• _What to work on_
Extract from the entries below, exactly as given, only the lines from the line containing "Lemma lambda_of_out_clause (x" to the line containing "- intros [Hp Hn]. apply NNPP. intros Hnoin.", both lines included.

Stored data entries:

- Opening Delimiter -

(* Let $q\ge1$, $\delta>0$, $\sigma\ne 0$ real, and real $a_k,b_k$ with $b_k>a_k>0$ for $k=1,\dots,q$. Define, for $x>-1$, $$ f(x)=\frac{{}_{q+1}F_q\left(\sigma,a_1+\delta,\dots,a_q+\delta;b_1+\delta,\dots,b_q+\delta;-x\right)}{{}_{q+1}F_q\left(\sigma,a_1,\dots,a_q;b_1,\dots,b_q;-x\right)}. $$ Then $f$ is monotone decreasing on $(-1,\infty)$ if $\sigma>0$ and monotone increasing on $(-1,\infty)$ if $\sigma<0$.
   Context: ${}_{q+1}F_q(\alpha_1,\dots,\alpha_{q+1};\beta_1,\dots,\beta_q;z)=\sum_{n\ge0}\frac{(\alpha_1)_n\cdots(\alpha_{q+1})_n}{(\beta_1)_n\cdots(\beta_q)_n n!}z^n$ with $(a)_n=a(a+1)\cdots(a+n-1)$, analytically continued to $\mathbb C\setminus[1,\infty)$ (so the functions above are defined for $x>-1$). *)

From Stdlib Require Import Reals ClassicalEpsilon.
From Coquelicot Require Import Coquelicot.
Open Scope R_scope.

Fixpoint poch (a : R) (n : nat) : R :=
  match n with
  | O => 1
  | S m => poch a m * (a + INR m)
  end.

Fixpoint prodR (q : nat) (g : nat -> R) : R :=
  match q with
  | O => 1
  | S m => prodR m g * g m
  end.

(* n-th coefficient of  q+1Fq(s, a_0..a_{q-1}; b_0..b_{q-1}; z). *)
Definition hyp_coef (q : nat) (s : R) (a b : nat -> R) (n : nat) : R :=
  poch s n * prodR q (fun k => poch (a k) n / poch (b k) n) / INR (Factorial.fact n).

(* g is the analytic continuation of the hypergeometric series to the real
   part (-oo,1) of C \ [1,oo): g equals the series on (-1,1) and g is real
   analytic on (-oo,1) (locally a convergent power series). *)
Definition is_hyp_continuation (q : nat) (s : R) (a b : nat -> R)
    (g : R -> R) : Prop :=
  (forall z, -1 < z < 1 ->
     is_series (fun n => hyp_coef q s a b n * z ^ n) (g z)) /\
  (forall z0, z0 < 1 ->
     exists r, 0 < r /\ exists c : nat -> R,
       forall z, Rabs (z - z0) < r -> z < 1 ->
         is_series (fun n => c n * (z - z0) ^ n) (g z)).

(* The (analytically continued) function q+1Fq(s, a; b; .) on (-oo,1):
   a continuation chosen by the description operator (unique on (-oo,1)). *)
Definition hypF (q : nat) (s : R) (a b : nat -> R) : R -> R :=
  epsilon (inhabits (fun _ : R => 0)) (is_hyp_continuation q s a b).

From Stdlib Require Import Reals Lra Lia ClassicalEpsilon Classical Factorial.
From Coquelicot Require Import Coquelicot.
Open Scope R_scope.

(* Let T be a product of q independent Beta(a_k, b_k - a_k) variables. Its moments
   E[T^n] = prod_k (a_k)_n / (b_k)_n together with the binomial series give
   q+1Fq(sigma; a; b; z) = E[(1 - z T)^(-sigma)], and the right-hand side is analytic on
   z < 1, so it is the continuation. Replacing a_k, b_k by a_k + delta, b_k + delta tilts
   the law of T by T^delta, hence

     f(x) = E[T^delta W_x] / (E[T^delta] E[W_x]),   W_x = (1 + x T)^(-sigma).

   For x < y the likelihood ratio W_y / W_x = ((1 + y T) / (1 + x T))^(-sigma) is
   monotone in T: decreasing if sigma > 0, increasing if sigma < 0. Chebyshev's
   correlation inequality for the measure W_x dP, applied to T^delta and this ratio,
   compares f(y) with f(x).

   Expectations are modelled as positive normalized linear functionals on continuous
   functions that only see [0,1]; Beta expectations are improper Riemann integrals. *)

(** * Binomial series *)

Definition binom_coef (s : R) (n : nat) : R := poch s n / INR (fact n).
Theorem lemma3p1 (n : nat) (f : R -> R) (xi : R) (kappa : nat)
  (alpha : nat -> nat) (lam : nat -> R) (i j : nat) :
  (2 <= n)%nat -> Cn n f ->
  (2 <= kappa)%nat -> (kappa <= n)%nat ->
  (abs_alpha kappa alpha <= S n)%nat ->
  (i <= kappa)%nat -> (j <= kappa)%nat -> i <> j ->
  lam i <> lam j -> (0 < alpha i)%nat -> (0 < alpha j)%nat ->
  let rst := rest_list kappa i j lam alpha in
  let a := (lam i - xi) / (lam i - lam j) in
  let b := (xi - lam j) / (lam i - lam j) in
  dd f (repeat (lam i) (alpha i) ++ repeat (lam j) (alpha j) ++ rst)
  = sum_n (fun l => Binomial.C (alpha j + l - 1)%nat l * a ^ (alpha j) * b ^ l *
             dd f (repeat (lam i) (alpha i - l)%nat ++ repeat xi (alpha j + l)%nat ++ rst))
          (alpha i - 1)%nat
  + sum_n (fun l => Binomial.C (alpha i + l - 1)%nat l * a ^ l * b ^ (alpha i) *
             dd f (repeat xi (alpha i + l)%nat ++ repeat (lam j) (alpha j - l)%nat ++ rst))
          (alpha j - 1)%nat.
Proof.
  intros _ Hf _ _ Habs Hi Hj Hij Hlam Hai Haj rst a b.
  pose proof (rest_list_length kappa i j lam alpha Hi Hj Hij) as Hrst; fold rst in Hrst.
  set (T := (alpha i + alpha j)%nat).
  set (F := dd_grid f (lam i) (lam j) xi rst T).
  assert (HF : F (alpha i) (alpha j) =
               dd f (repeat (lam i) (alpha i) ++ repeat (lam j) (alpha j) ++ rst))
    by (unfold F, dd_grid; now replace (T - alpha i - alpha j)%nat with 0%nat by lia).
  rewrite <- HF, (lattice_recursion_solution F T a b);
    [| intros s t Hst; apply (dd_grid_rec n); auto; lia | lia].
  rewrite !path_sum_sum_n by lia.
  f_equal; apply sum_n_ext_loc; intros l Hl; unfold F, dd_grid.
  - replace (T - (alpha i - l) - 0)%nat with (alpha j + l)%nat by lia; reflexivity.
  - replace (T - 0 - (alpha j - l))%nat with (alpha i + l)%nat by lia; simpl; ring.
Qed.
Theorem mainTheorem16 (alpha mu lambda : R)
  (Halpha : 0 < alpha <= 1) (Hmu : 0 < mu <= 1) (Hlambda : 0 < lambda) :
  (exists c : nat -> R, is_gen_coeffs alpha mu lambda c) /\
  (forall c : nat -> R, is_gen_coeffs alpha mu lambda c ->
     c 0%nat = Rpower (lambda + 1) (- mu) /\ 0 < c 0%nat /\
     (forall k : nat, (1 <= k)%nat -> c k < 0) /\
     is_series c 0 /\
     good_laplacian (circ_mx c) /\
     transition_mx (fun m n => kron m n - circ_mx c m n / c 0%nat) /\
     (forall m n : Z, (m < n)%Z -> 0 < kron m n - circ_mx c m n / c 0%nat)).
Proof.
  assert (Hml := ml_coef_gen alpha mu lambda Halpha Hmu Hlambda).
  split; [now exists (ml_coef alpha mu lambda)|].
  intros c Hc.
  (* [c] is the explicit coefficient sequence [ml_coef], whose signs are known. *)
  assert (Hcoef := power_series_coef_unique _ _ _ Hc Hml).
  assert (Hc0 : c 0%nat = Rpower (lambda + 1) (- mu)) by (rewrite Hcoef; apply ml_coef_0).
  assert (Hc0_pos : 0 < c 0%nat) by (rewrite Hc0; apply Rpower_pos).
  assert (Hneg : forall k, (1 <= k)%nat -> c k < 0)
    by (intros k Hk; rewrite Hcoef; now apply ml_coef_neg).
  assert (Hnonpos : forall k, (1 <= k)%nat -> c k <= 0) by (intros k Hk; left; now apply Hneg).
  assert (Hsum : is_series c 0).
  { apply (is_series_ext (ml_coef alpha mu lambda)); [intro k; now rewrite Hcoef|].
    now apply ml_coef_sum. }
  do 4 (split; [assumption|]).
  split; [now apply circ_good_laplacian|].
  split; [now apply circ_transition|].
  now apply circ_transition_above_pos.
Qed.
(* Let $\mathcal A=(S,R)$ be an argumentation network with $S\neq\varnothing$, $R\subseteq S\times S$, which is finitary (every $y\in S$ has finitely many attackers). Write $\mathrm{Attack}(y)=\{z\mid zRy\}$ and regard the elements of $S$ as atoms of the logic $\mathbf{CN}$. Let $$\Delta_{\mathcal A}=\{x\mid x\in S,\ \neg\exists y\,(yRx)\}\cup\{y\leftrightarrow \textstyle\bigwedge_{z\in \mathrm{Attack}(y)}Nz\mid y\in S\}\cup\{z\to Ny\mid zRy\}\cup\{(\textstyle\bigwedge_{z\in\mathrm{Attack}(y)}\neg z)\wedge(\bigvee_{z\in\mathrm{Attack}(y)}\neg Nz)\to \neg y\wedge\neg Ny\mid y\in S\}$$ (empty conjunction is $\top$, empty disjunction is $\bot$). Then the $\mathbf{CN}$-models of $\Delta_{\mathcal A}$ correspond exactly to the complete extensions of $\mathcal A$: (i) for every $\mathbf{CN}$-model $h$ of $\Delta_{\mathcal A}$, the function $\lambda_h:S\to\{\mathrm{in},\mathrm{out},\mathrm{und}\}$ given by $\lambda_h(x)=\mathrm{in}$ if $h(x)=1$, $\lambda_h(x)=\mathrm{out}$ if $h(Nx)=1$, and $\lambda_h(x)=\mathrm{und}$ if $h(x)=h(Nx)=0$, is a well-defined legitimate Caminada labelling of $\mathcal A$; and (ii) for every legitimate Caminada labelling $\lambda$ of $\mathcal A$, the assignment $h_\lambda$ with $h_\lambda(x)=1$ iff $\lambda(x)=\mathrm{in}$ and $h_\lambda(Nx)=1$ iff $\lambda(x)=\mathrm{out}$ (for $x\in S$) is a $\mathbf{CN}$-model of $\Delta_{\mathcal A}$.
   Context: The logic $\mathbf{CN}$: atoms are $q$ and $Nq$ for $q$ in a set of basic atoms (here containing $S$); formulas are built with classical connectives; a $\mathbf{CN}$-model is a classical $\{0,1\}$-assignment $h$ to all atoms $q,Nq$ with $h(Nq)=1\Rightarrow h(q)=0$, with classical satisfaction; $\Delta\vdash_{\mathbf{CN}}A$ iff $\Delta\cup\{Nq\to\neg q\}\vdash A$ classically. A legitimate Caminada labelling of $(S,R)$ is a function $\lambda:S\to\{\mathrm{in},\mathrm{out},\mathrm{und}\}$ such that for all $x$: (C1) $\lambda(x)=\mathrm{in}$ iff every $y$ with $yRx$ has $\lambda(y)=\mathrm{out}$ (in particular if $x$ has no attackers); (C2) $\lambda(x)=\mathrm{out}$ iff some $y$ with $yRx$ has $\lambda(y)=\mathrm{in}$; (C3) $\lambda(x)=\mathrm{und}$ iff no attacker of $x$ is labelled in and some attacker of $x$ is labelled und. Complete extensions are the sets $\{x\mid\lambda(x)=\mathrm{in}\}$ for legitimate labellings $\lambda$, and this gives a bijection between legitimate labellings and complete extensions. *)

From Stdlib Require Import List Bool.
Import ListNotations.
Set Implicit Arguments.

(* Atoms of CN: q and Nq for q a basic atom (here the basic atoms are the elements of S). *)
Inductive atom (S : Type) : Type :=
| APos : S -> atom S
| ANeg : S -> atom S.

Inductive form (S : Type) : Type :=
| FAtom : atom S -> form S
| FTop : form S
| FBot : form S
| FNot : form S -> form S
| FAnd : form S -> form S -> form S
| FOr  : form S -> form S -> form S
| FImp : form S -> form S -> form S
| FIff : form S -> form S -> form S.

Arguments FTop {S}.
Arguments FBot {S}.

Definition Pos {S} (x : S) : form S := FAtom (APos x).
Definition Nat {S} (x : S) : form S := FAtom (ANeg x).

Definition bigAnd {S} (l : list (form S)) : form S := fold_right (@FAnd S) FTop l.
Definition bigOr  {S} (l : list (form S)) : form S := fold_right (@FOr S) FBot l.

Fixpoint sat {S} (h : atom S -> bool) (A : form S) : bool :=
  match A with
  | FAtom a => h a
  | FTop => true
  | FBot => false
  | FNot B => negb (sat h B)
  | FAnd B C => sat h B && sat h C
  | FOr B C => sat h B || sat h C
  | FImp B C => implb (sat h B) (sat h C)
  | FIff B C => eqb (sat h B) (sat h C)
  end.

Definition CN_model {S} (h : atom S -> bool) : Prop :=
  forall q, h (ANeg q) = true -> h (APos q) = false.

Definition CN_model_of {S} (h : atom S -> bool) (Delta : form S -> Prop) : Prop :=
  CN_model h /\ forall A, Delta A -> sat h A = true.

(* Argumentation network (S, R): R z y means z attacks y. *)
Definition finitary {S} (R : S -> S -> Prop) : Prop :=
  forall y : S, exists l : list S, forall z, R z y <-> In z l.

Definition enumerates_attackers {S} (R : S -> S -> Prop) (y : S) (l : list S) : Prop :=
  forall z, R z y <-> In z l.

(* The theory Delta_A.  Conjunctions/disjunctions over Attack(y) are built from
   any list enumerating Attack(y) (finite by finitarity). *)
Inductive Delta {S} (R : S -> S -> Prop) : form S -> Prop :=
| D_unattacked : forall x, (forall y, ~ R y x) -> Delta R (Pos x)
| D_iff : forall y l, enumerates_attackers R y l ->
    Delta R (FIff (Pos y) (bigAnd (map Nat l)))
| D_attack : forall z y, R z y -> Delta R (FImp (Pos z) (Nat y))
| D_und : forall y l, enumerates_attackers R y l ->
    Delta R (FImp (FAnd (bigAnd (map (fun z => FNot (Pos z)) l))
                        (bigOr (map (fun z => FNot (Nat z)) l)))
                  (FAnd (FNot (Pos y)) (FNot (Nat y)))).

Inductive label : Type := lin | lout | lund.

Definition legitimate {S} (R : S -> S -> Prop) (lam : S -> label) : Prop :=
  forall x,
    (lam x = lin <-> forall y, R y x -> lam y = lout) /\
    (lam x = lout <-> exists y, R y x /\ lam y = lin) /\
    (lam x = lund <-> (forall y, R y x -> lam y <> lin) /\
                      (exists y, R y x /\ lam y = lund)).

Definition lambda_of {S} (h : atom S -> bool) (x : S) : label :=
  if h (APos x) then lin else if h (ANeg x) then lout else lund.

Definition h_of {S} (lam : S -> label) (a : atom S) : bool :=
  match a with
  | APos x => match lam x with lin => true | _ => false end
  | ANeg x => match lam x with lout => true | _ => false end
  end.

(** The biconditional of [Delta] is the
    [in]-clause of a Caminada labelling, the attack implications give one half
    of the [out]-clause and the [und]-implications the other half.  The
    [und]-clause is then automatic: a three-valued labelling satisfying the
    [in]- and [out]-clauses is legitimate.  Conversely every formula of
    [Delta] evaluates under [h_lam] to an instance of a labelling clause. *)
From Stdlib Require Import List Bool Classical.

Set Implicit Arguments.

Lemma sat_bigAnd_map {S T} (h : atom S -> bool) (f : T -> form S) (l : list T) :
  sat h (bigAnd (map f l)) = forallb (fun z => sat h (f z)) l.
Proof. induction l as [|z l IH]; simpl; [reflexivity | now rewrite IH]. Qed.

Lemma sat_bigOr_map {S T} (h : atom S -> bool) (f : T -> form S) (l : list T) :
  sat h (bigOr (map f l)) = existsb (fun z => sat h (f z)) l.
Proof. induction l as [|z l IH]; simpl; [reflexivity | now rewrite IH]. Qed.

Lemma legitimate_of_in_out {S} (R : S -> S -> Prop) (lam : S -> label) :
  (forall x, lam x = lin <-> forall y, R y x -> lam y = lout) ->
  (forall x, lam x = lout <-> exists y, R y x /\ lam y = lin) ->
  legitimate R lam.
Proof.
  intros Hin Hout x. split; [exact (Hin x)|]. split; [exact (Hout x)|]. split.
  - intros Hund. split.
    + intros y Ry Hy.
      assert (lam x = lout) by (apply Hout; eauto). congruence.
    + apply NNPP. intros Hno.
      assert (Hx : lam x = lin).
      { apply Hin. intros y Ry. destruct (lam y) eqn:Ey; auto.
        - assert (lam x = lout) by (apply Hout; eauto). congruence.
        - exfalso. eauto. }
      congruence.
  - intros [Hnoin [y [Ry Hy]]]. destruct (lam x) eqn:Ex; auto.
    + apply Hin with (y := y) in Ex; congruence.
    + apply Hout in Ex as [z [Rz Hz]]. exfalso. eapply Hnoin; eauto.
Qed.

Section ModelLabelling.

Variables (S : Type) (R : S -> S -> Prop) (h : atom S -> bool).
Hypothesis Hh : CN_model_of h (Delta R).

Lemma model_not_pos_and_neg (x : S) :
  ~ (h (APos x) = true /\ h (ANeg x) = true).
Proof. intros [Hp Hn]. apply (proj1 Hh) in Hn. congruence. Qed.

Lemma model_pos_iff (y : S) (l : list S) : enumerates_attackers R y l ->
  h (APos y) = true <-> forall z, R z y -> h (ANeg z) = true.
Proof.
  intros El. pose proof (proj2 Hh _ (D_iff El)) as H. simpl in H.
  rewrite sat_bigAnd_map in H. apply eqb_prop in H. simpl in H.
  rewrite H, forallb_forall.
  split; intros G z Hz; apply G, El; exact Hz.
Qed.

Lemma model_attack (z y : S) : R z y -> h (APos z) = true -> h (ANeg y) = true.
Proof.
  intros Rzy Hz. pose proof (proj2 Hh _ (D_attack R z y Rzy)) as H. simpl in H.
  now rewrite Hz in H.
Qed.

Lemma model_und (y : S) (l : list S) : enumerates_attackers R y l ->
  (forall z, R z y -> h (APos z) = false) ->
  (exists z, R z y /\ h (ANeg z) = false) ->
  h (ANeg y) = false.
Proof.
  intros El Hpos [z [Rzy Hz]].
  pose proof (proj2 Hh _ (D_und El)) as H. simpl in H.
  rewrite sat_bigAnd_map, sat_bigOr_map in H. simpl in H.
  assert (E1 : forallb (fun w => negb (h (APos w))) l = true).
  { apply forallb_forall. intros w Hw. apply El in Hw. now rewrite Hpos. }
  assert (E2 : existsb (fun w => negb (h (ANeg w))) l = true).
  { apply existsb_exists. exists z. split; [now apply El | now rewrite Hz]. }
  rewrite E1, E2 in H. now destruct (h (APos y)), (h (ANeg y)).
Qed.

Lemma lambda_of_lin (x : S) : lambda_of h x = lin <-> h (APos x) = true.
Proof. unfold lambda_of. destruct (h (APos x)), (h (ANeg x)); intuition congruence. Qed.

Lemma lambda_of_lout (x : S) :
  lambda_of h x = lout <-> h (APos x) = false /\ h (ANeg x) = true.
Proof. unfold lambda_of. destruct (h (APos x)), (h (ANeg x)); intuition congruence. Qed.

Hypothesis Hfin : finitary R.

Lemma lambda_of_in_clause (x : S) :
  lambda_of h x = lin <-> forall y, R y x -> lambda_of h y = lout.
Proof.
  destruct (Hfin x) as [l El].
  rewrite lambda_of_lin, (model_pos_iff El).
  split; intros G y Ry; specialize (G y Ry).
  - apply lambda_of_lout. split; [|exact G].
    destruct (h (APos y)) eqn:E; auto. exfalso. exact (model_not_pos_and_neg (conj E G)).
  - now apply lambda_of_lout in G.
Qed.

Lemma lambda_of_out_clause (x : S) :
  lambda_of h x = lout <-> exists y, R y x /\ lambda_of h y = lin.
Proof.
  destruct (Hfin x) as [l El].
  rewrite lambda_of_lout. split.
  - intros [Hp Hn]. apply NNPP. intros Hnoin.
    assert (Hpos : forall z, R z x -> h (APos z) = false).
    { intros z Rz. destruct (h (APos z)) eqn:E; auto.
      exfalso. apply Hnoin. exists z. now rewrite lambda_of_lin. }
    assert (Hneg : exists z, R z x /\ h (ANeg z) = false).
    { apply NNPP. intros Hall.
      assert (h (APos x) = true); [|congruence].
      apply (model_pos_iff El). intros z Rz.
      destruct (h (ANeg z)) eqn:E; auto. exfalso. eauto. }
    pose proof (model_und El Hpos Hneg). congruence.
  - intros [y [Ryx Hy]]. apply lambda_of_lin in Hy.
    split; [|exact (model_attack Ryx Hy)].
    destruct (h (APos x)) eqn:E; auto.
    exfalso. exact (model_not_pos_and_neg (conj E (model_attack Ryx Hy))).
Qed.

Lemma lambda_of_legitimate : legitimate R (lambda_of h).
Proof.
  apply legitimate_of_in_out.
  - exact lambda_of_in_clause.
  - exact lambda_of_out_clause.
Qed.

End ModelLabelling.

Section LabellingModel.

Variables (S : Type) (R : S -> S -> Prop) (lam : S -> label).
Hypothesis Hlam : legitimate R lam.

Lemma h_of_CN_model : CN_model (h_of lam).
Proof. intros q. simpl. destruct (lam q); congruence. Qed.

Lemma h_of_all_out (l : list S) :
  forallb (fun z => h_of lam (ANeg z)) l = true <-> forall z, In z l -> lam z = lout.
Proof.
  rewrite forallb_forall. simpl.
  split; intros G z Hz; specialize (G z Hz); destruct (lam z); congruence.
Qed.

Lemma h_of_sat_Delta (A : form S) : Delta R A -> sat (h_of lam) A = true.
Proof.
  intros HA. destruct HA as [x Hx | y l El | z y Rzy | y l El]; simpl.
  - destruct (proj1 (Hlam x)) as [_ Hin]. rewrite Hin; auto.
    intros y Ry. exfalso. eapply Hx; eauto.
  - rewrite sat_bigAnd_map. simpl.
    assert (K : forallb (fun z => h_of lam (ANeg z)) l = true <-> lam y = lin).
    { rewrite h_of_all_out, (proj1 (Hlam y)).
      split; intros G z Hz; apply G, El; exact Hz. }
    simpl in K. apply eqb_true_iff, eq_true_iff_eq.
    destruct (lam y); intuition congruence.
  - destruct (lam z) eqn:Ez; auto. simpl.
    destruct (proj1 (proj2 (Hlam y))) as [_ Hout]. rewrite Hout; eauto.
  - rewrite sat_bigAnd_map, sat_bigOr_map. simpl.
    destruct (forallb _ l) eqn:F; simpl; auto.
    destruct (existsb _ l) eqn:G; simpl; auto.
    rewrite forallb_forall in F. apply existsb_exists in G as [w [Hw Gw]].
    assert (Hund : lam y = lund).
    { apply (proj2 (proj2 (Hlam y))). split.
      - intros z Rz. apply El in Rz. specialize (F z Rz).
        destruct (lam z); simpl in F; congruence.
      - exists w. split; [now apply El|]. specialize (F w Hw).
        destruct (lam w); simpl in *; congruence. }
    now rewrite Hund.
Qed.

End LabellingModel.

Theorem theorem5 (S : Type) (R : S -> S -> Prop)
  (HS : inhabited S) (Hfin : finitary R) :
  (forall h : atom S -> bool, CN_model_of h (Delta R) ->
     (forall x, ~ (h (APos x) = true /\ h (ANeg x) = true)) /\
     legitimate R (lambda_of h)) /\
  (forall lam : S -> label, legitimate R lam ->
     CN_model_of (h_of lam) (Delta R)).
Proof.
  split.
  - intros h Hh. split.
    + intros x. apply (model_not_pos_and_neg Hh).
    + exact (lambda_of_legitimate Hh Hfin).
  - intros lam Hlam. split.
    + exact (h_of_CN_model lam).
    + exact (h_of_sat_Delta Hlam).
Qed.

- Closing Delimiter -

• _Answer to this exercise_
Lemma lambda_of_out_clause (x : S) :
  lambda_of h x = lout <-> exists y, R y x /\ lambda_of h y = lin.
Proof.
  destruct (Hfin x) as [l El].
  rewrite lambda_of_lout. split.
  - intros [Hp Hn]. apply NNPP. intros Hnoin.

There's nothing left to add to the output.